The indole scaffold is a privileged structure found in over 3000 natural products and 40 drugs across diverse therapeutic areas. The study aims to develop a new chiral amine catalyst that improves reactivity and selectivity for iminium‑catalyzed alkylation of indoles with α,β‑unsaturated aldehydes. The authors designed a (2S,5S)-5‑benzyl‑2‑tert‑butyl‑imidazolidinone catalyst that facilitates conjugate addition of indoles to α,β‑unsaturated aldehydes. The catalyst delivers high yields (70–97%) and excellent enantiomeric excesses (84–97%) across diverse indole substrates, and its utility is demonstrated in the enantioselective synthesis of an indolobutyric acid COX‑2 inhibitor.

Abstract

The indole framework has become widely identified as a "privileged" structure with representation in over 3000 natural isolates and 40 medicinal agents of diverse therapeutic action. A new strategy for asymmetric access to this important pharmacaphore has been accomplished that involves the amine catalyzed alkylation of indoles with α,β-unsaturated aldehydes.
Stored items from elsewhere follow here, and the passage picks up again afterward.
Lemma count_block I cfg : valid_instance I ->
  input_moved (encode I) (8 * size (encode I)) cfg ->
  reach prog (9 + (5 * inst_n I + 2) + (2 + (22 * size (encode_voters (inst_lot I)) + 3)))
    cfg (fun cfg' => exists2 q, (forall x, (q <= x) = (inst_n I <= x * inst_k I)) &
           tally_done (inst_m I) (inst_k I) q (undup (cands_of I)) (nsupporters I) cfg').
Proof.
set D := 8 * size (encode I) => -[n_gt0 k_gt0 size_lot _].
case: cfg => pc M [/= pc44 [H [MH [R1 [R2 [Hin zero]]]]]]; subst pc.
have le_evD : size (encode_voters (inst_lot I)) <= D by rewrite /D size_encode; lia.
have le24D : 24 <= D by rewrite /D size_encode; lia.
have Hn := stored_head Hin; have {}Hin := stored_behead Hin.
have Hm := stored_head Hin; have {}Hin := stored_behead Hin.
have Hk := stored_head Hin; have {}Hin := stored_behead Hin.
set p := D + 1 + 1 + 1 in Hin; set B := p + p.
do 9 advance.
apply: reach_seq.
apply: (reach_mono (b := 5 * inst_n I + 2)
         (Q := threshold_found (inst_n I) (inst_m I) (inst_k I) p B H)) => //; last first.
  by apply: (threshold_loop (q := 0) _ MH) => //; lia.
case=> pc' M' [/= -> MH' [R1' R2' R3' R4' R5'] R6' thr].
set q := M' 7 in thr; have R7' : M' 7 = q by [].
clearbody q.
have q_gt0 : 0 < q by rewrite ltnNge thr mul0n -ltnNge.
do 2 advance.
have state : tally_state (inst_n I) (inst_m I) (inst_k I) B q 1 (fun=> 0)
    (undup (cands_of I)) [::] p (encode_voters (inst_lot I) ++ [::]) 60 (60, M').
  apply: (tally_stateI MH') => //.
  - rewrite_reg 8; rewrite (@eq_count _ _ pred0) ?count_pred0 // => c.
    by rewrite in_nil /=; lia.
  - by rewrite cats0.
  - by rewrite cats0 /B /p; lia.
  - by move=> c; rewrite !zero ?in_nil // /B /p; lia.
apply: reach_mono (voters_loop _ _ _ (undup_uniq _) state) => //; try lia.
- by move=> cfg' done; exists q.
- by move=> x; rewrite mem_undup.
Qed.

Definition halted_with (P : Prop) (cfg : nat * memory) :=
  nth IHalt prog cfg.1 = IHalt /\ (cfg.2 0 = 1 <-> P).

Lemma decide_block m k q U f C cfg : tally_done m k q U f cfg ->
  count (fun c => q <= f c) U = C -> reach prog 6 cfg (halted_with (C <= k <= m)).
Proof.
case: cfg => pc M [/= -> [H [MH [R4 [R5 R8]]]]] <-.
do 5 advance; case: ifP => /eqP fits.
  by advance; apply: reach_now; split=> //=; rewrite_reg 0; split=> // _; lia.
by apply: reach_now; split=> //=; rewrite_reg 0; split=> // ?; lia.
Qed.

Lemma size_bitsize s : size s <= bitsize s.
Proof.
by elim: s => [|x s IH]; rewrite /bitsize ?big_nil ?big_cons //= -/(bitsize s); lia.
Qed.

Lemma size_encode_voters ds : size ds <= size (encode_voters ds).
Proof.
by elim: ds => //= d ds IH; rewrite /encode_voters /= size_cat -/(encode_voters ds); lia.
Qed.

Theorem theorem6 :
  exists (P : seq instr) (c d : nat),
    forall I : instance,
      valid_instance I -> singleton_lotteries I ->
      exists t : nat,
        (t <= c * (bitsize (encode I)).+1 ^ d)%N /\
        exists M : memory,
          exec P t (0%N, init_mem (encode I)) = Some M /\
          (M 0%N = 1%N <-> ExistsNecJR I).
Proof.
exists prog, 200, 1 => I valid singleton.
have [_ _ size_lot _] := valid.
set ev := encode_voters (inst_lot I).
have run : reach prog (8 * (8 * size (encode I)) + 60 +
                       (9 + (5 * inst_n I + 2) + (2 + (22 * size ev + 3))) + 6)
             (0, init_mem (encode I))
             (halted_with (#|popular I| <= inst_k I <= inst_m I)).
  apply: reach_seq; apply: reach_seq.
  have le3 : 3 <= size (encode I) by rewrite size_encode.
  apply: reach_mono (relocate le3) => // cfg moved.
  apply: reach_mono (count_block valid moved) => // cfg' [q thr done].
  apply: decide_block done _.
  by rewrite -(count_popular valid); apply: eq_count => c; rewrite thr.
have [t [cfg [le_t runs [halt iff]]]] := run.
exists t.+1; split.
  move: le_t (size_bitsize (encode I)) (size_encode_voters (inst_lot I)).
  by rewrite size_encode -/ev size_lot expn1; lia.
exists cfg.2; split; first by rewrite -addn1 (exec_runs 1 runs) /= halt.
by rewrite iff existsNecJRE.
Qed.
Lemma near_and s (P Q : R -> Prop) :
  near s P -> near s Q -> near s (fun y => P y /\ Q y).
Proof.
  intros [d1 [Hd1 H1]] [d2 [Hd2 H2]].
  exists (Rmin d1 d2). split; [now apply Rmin_pos|].
  intros y Hy. pose proof (Rmin_l d1 d2). pose proof (Rmin_r d1 d2).
  split; [apply H1 | apply H2]; lra.
Qed.

Lemma near_cont f s eps :
  continuity_pt f s -> 0 < eps -> near s (fun y => Rabs (f y - f s) < eps).
Proof.
  intros Hf Heps. destruct (Hf eps Heps) as [d [Hd H]].
  exists d. split; [exact Hd|]. intros y Hy.
  destruct (Req_dec y s) as [->|Hne].
  - rewrite Rminus_diag, Rabs_R0. exact Heps.
  - apply (H y). split; [split; [exact I | auto] | exact Hy].
Qed.

Lemma near_lt f s c : continuity_pt f s -> f s < c -> near s (fun y => f y < c).
Proof.
  intros Hf Hs. apply (near_weaken s (fun y => Rabs (f y - f s) < c - f s)).
  - intros y Hy. apply Rabs_def2 in Hy. lra.
  - apply near_cont; [exact Hf | lra].
Qed.

Lemma near_gt f s c : continuity_pt f s -> c < f s -> near s (fun y => c < f y).
Proof.
  intros Hf Hs. apply (near_weaken s (fun y => Rabs (f y - f s) < f s - c)).
  - intros y Hy. apply Rabs_def2 in Hy. lra.
  - apply near_cont; [exact Hf | lra].
Qed.

(* Connectedness of R: two nonempty open sets A and B with A entirely below B
   cannot cover R; the supremum of A lies in neither. *)
Lemma gap_point (A B : R -> Prop) :
  (exists a, A a) -> (exists b, B b) -> (forall a b, A a -> B b -> a < b) ->
  (forall s, A s -> near s A) -> (forall s, B s -> near s B) ->
  exists s, ~ A s /\ ~ B s.
Proof.
  intros [a Ha] [b Hb] HAB HA HB.
  destruct (completeness A) as [s [Hub Hleast]].
  { exists b. intros x Hx. left. now apply HAB. }
  { now exists a. }
  exists s. split.
  - intros Hs. destruct (HA s Hs) as [d [Hd H]].
    assert (Hright : A (s + d / 2)) by (apply H; rewrite Rabs_right; lra).
    pose proof (Hub _ Hright). lra.
  - intros Hs. destruct (HB s Hs) as [d [Hd H]].
    destruct (classic (exists a', A a' /\ s - d < a')) as [[a' [Ha' Hlt]]|Hnone].
    + pose proof (Hub a' Ha').
      assert (Hb' : B a') by (apply H, Rabs_def1; lra).
      pose proof (HAB a' a' Ha' Hb'). lra.
    + assert (s <= s - d); [|lra].
      apply Hleast. intros x Hx. destruct (Rle_or_lt x (s - d)) as [|Hgt]; [assumption|].
      exfalso. apply Hnone. now exists x.
Qed.

Lemma div_ge_of_mul_le a b c : 0 < c -> a * c <= b -> a <= b / c.
Proof.
  intros Hc H. replace a with (a * c / c) by (field; lra).
  unfold Rdiv. apply Rmult_le_compat_r; [left; now apply Rinv_0_lt_compat | exact H].
Qed.

Lemma mul_lt_of_lt_div a b c : 0 < c -> a < b / c -> c * a < b.
Proof.
  intros Hc H. replace b with (c * (b / c)) by (field; lra).
  now apply Rmult_lt_compat_l.
Qed.

Lemma sq_exceeds s l x : 0 < s -> 0 < l -> l / s + 1 <= x -> l < s * x ^ 2.
Proof.
  intros Hs Hl Hx.
  assert (Hq : 0 < l / s) by (now apply Rdiv_lt_0_compat).
  assert (Hsx : l + s <= s * x).
  { replace (l + s) with (s * (l / s + 1)) by (field; lra). now apply Rmult_le_compat_l; [lra|]. }
  nra.
Qed.

Lemma increment_step a b s c d E0 E1 E2 :
  0 < a -> 0 < b -> a <= s -> b <= s -> s <= c -> 0 <= d ->
  d <= E1 -> d <= E1 - E0 -> a * E2 = (s + c) * E1 - b * E0 -> d <= E2 - E1.
Proof.
  intros Ha Hb Has Hbs Hsc Hd H1 H10 Hrel.
  apply (Rmult_le_reg_l a); [exact Ha|].
  assert (0 <= (s + c - a - b) * (E1 - d)) by (apply Rmult_le_pos; lra).
  assert (0 <= b * (E1 - E0 - d)) by (apply Rmult_le_pos; lra).
  assert (0 <= (s + c - 2 * a) * d) by (apply Rmult_le_pos; lra).
  nra.
Qed.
Central to these studies has been the design of a new chiral amine catalyst that exhibits improved reactivity and selectivity for iminium catalysis. This new (2S,5S)-5-benzyl-2-tert-butyl-imidazolidinone catalyst has enabled the conjugate addition of a variety of indole systems to a diverse range of α,β-unsaturated aldehydes in high yield and with excellent levels of enantiocontrol (70−97% yield, 84−97% ee). A demonstration of the utility of this new organocatalytic alkylation for the rapid construction of biomedically relevant molecules is presented in the enantioselective synthesis of an indolobutyric acid COX-2 inhibitor.